> [PROBLEM DETAILS] When a line below contains the word "asboolE", copy that line.

(Stored items from a collection)

=== Begin Enclosure ===

Lemma zeros_min x : lex_le zeros x.
Proof.
case: (classic (zeros = x)) => [->|neq]; first exact: lex_lexx.
right; case: (first_mismatch neq) => n [a b]; exists n; split => //.
by move: b; rewrite /zeros; case: (x n).
Qed.

Definition in_closure (S : word -> Prop) w := forall n, exists t, S t /\ agree n t w.

Lemma is_glb_closure S w :
  (forall t, S t -> lex_le w t) -> in_closure S w -> is_glb S w.
Proof.
move=> Hlb Hcl; split => // z Hz; apply/lex_leNgt => /lex_lt_prefixl [n Hn].
case: (Hcl n) => t [St At].
exact: (iffLR (lex_leNgt _ _) (Hz t St) (Hn t At)).
Qed.

Lemma is_lub_closure S w :
  (forall t, S t -> lex_le t w) -> in_closure S w -> is_lub S w.
Proof.
move=> Hub Hcl; split => // z Hz; apply/lex_leNgt => /lex_lt_prefixr [n Hn].
case: (Hcl n) => t [St At].
exact: (iffLR (lex_leNgt _ _) (Hz t St) (Hn t At)).
Qed.

Lemma is_glb_unique S a b : is_glb S a -> is_glb S b -> a = b.
Proof. by move=> [h1 h2] [h3 h4]; apply: lex_le_anti; [apply: h4|apply: h2]. Qed.

Lemma is_lub_unique S a b : is_lub S a -> is_lub S b -> a = b.
Proof. by move=> [h1 h2] [h3 h4]; apply: lex_le_anti; [apply: h2|apply: h4]. Qed.

Lemma linfE S w : is_glb S w -> linf S = w.
Proof.
move=> H; apply: (is_glb_unique _ H); apply: epsilon_spec; by exists w.
Qed.

Lemma lsupE S w : is_lub S w -> lsup S = w.
Proof.
move=> H; apply: (is_lub_unique _ H); apply: epsilon_spec; by exists w.
Qed.

Definition asbool (P : Prop) : bool :=
  if excluded_middle_informative P then true else false.

Lemma asboolE (P : Prop) : asbool P = true <-> P.
Proof. by rewrite /asbool; case: excluded_middle_informative. Qed.

(* The greatest lower bound is built bit by bit: its bit [n] is [0] exactly
   when some element of [S] extends the [n] bits already chosen by a [0]. *)
Fixpoint glb_prefix (S : word -> Prop) n : seq bool :=
  if n is n'.+1 then
    let p := glb_prefix S n' in
    rcons p (~~ asbool (exists s, S s /\ prefix_of_inf p s /\ s (size p) = false))
  else [::].

Definition glb_word S : word := fun i => nth false (glb_prefix S i.+1) i.

Lemma size_glb_prefix S n : size (glb_prefix S n) = n.
Proof. by elim: n => //= n IH; rewrite size_rcons IH. Qed.

Lemma nth_glb_prefix S n m i :
  i < n -> n <= m -> nth false (glb_prefix S m) i = nth false (glb_prefix S n) i.
Proof.
move=> Hi; elim: m => [|m IH]; first by rewrite leqn0 => /eqP E; rewrite E ltn0 in Hi.
rewrite leq_eqVlt => /orP [/eqP <-//|Hnm].
by rewrite /= nth_rcons size_glb_prefix (leq_trans Hi Hnm) IH.
Qed.

Lemma glb_word_bit S n :
  glb_word S n =
  ~~ asbool (exists s, S s /\ prefix_of_inf (glb_prefix S n) s /\ s n = false).
Proof. by rewrite /glb_word /= nth_rcons size_glb_prefix ltnn eqxx. Qed.

Lemma prefix_glb_prefix S n s :
  prefix_of_inf (glb_prefix S n) s <-> agree n s (glb_word S).
Proof.
have E i : i < n -> nth false (glb_prefix S n) i = glb_word S i.
  by move=> Hi; rewrite /glb_word (@nth_glb_prefix S i.+1 n i).
split=> H i; rewrite ?size_glb_prefix => Hi.
- by rewrite -H ?size_glb_prefix // E.
- by rewrite H // E.
Qed.

Lemma is_glb_glb_word S : is_glb S (glb_word S).
Proof.
split.
- move=> t St; apply/lex_leNgt => -[n [a [b]]].
  rewrite glb_word_bit => /negP; apply; apply/asboolE.
  by exists t; split => //; split => //; apply/prefix_glb_prefix.
- move=> z Hz; apply/lex_leNgt => -[n [a [+ c]]].
  rewrite glb_word_bit => /negbFE /asboolE [s [Ss [Ps Hs]]].
  apply: (iffLR (lex_leNgt _ _) (Hz s Ss)); exists n; split; last split => //.
  by move/prefix_glb_prefix: Ps => Ps i Hi; rewrite Ps // a.
Qed.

=== End Enclosure ===

> [SOLUTION TO THE PROBLEM]
Lemma asboolE (P : Prop) : asbool P = true <-> P.
  rewrite glb_word_bit => /negP; apply; apply/asboolE.
  rewrite glb_word_bit => /negbFE /asboolE [s [Ss [Ps Hs]]].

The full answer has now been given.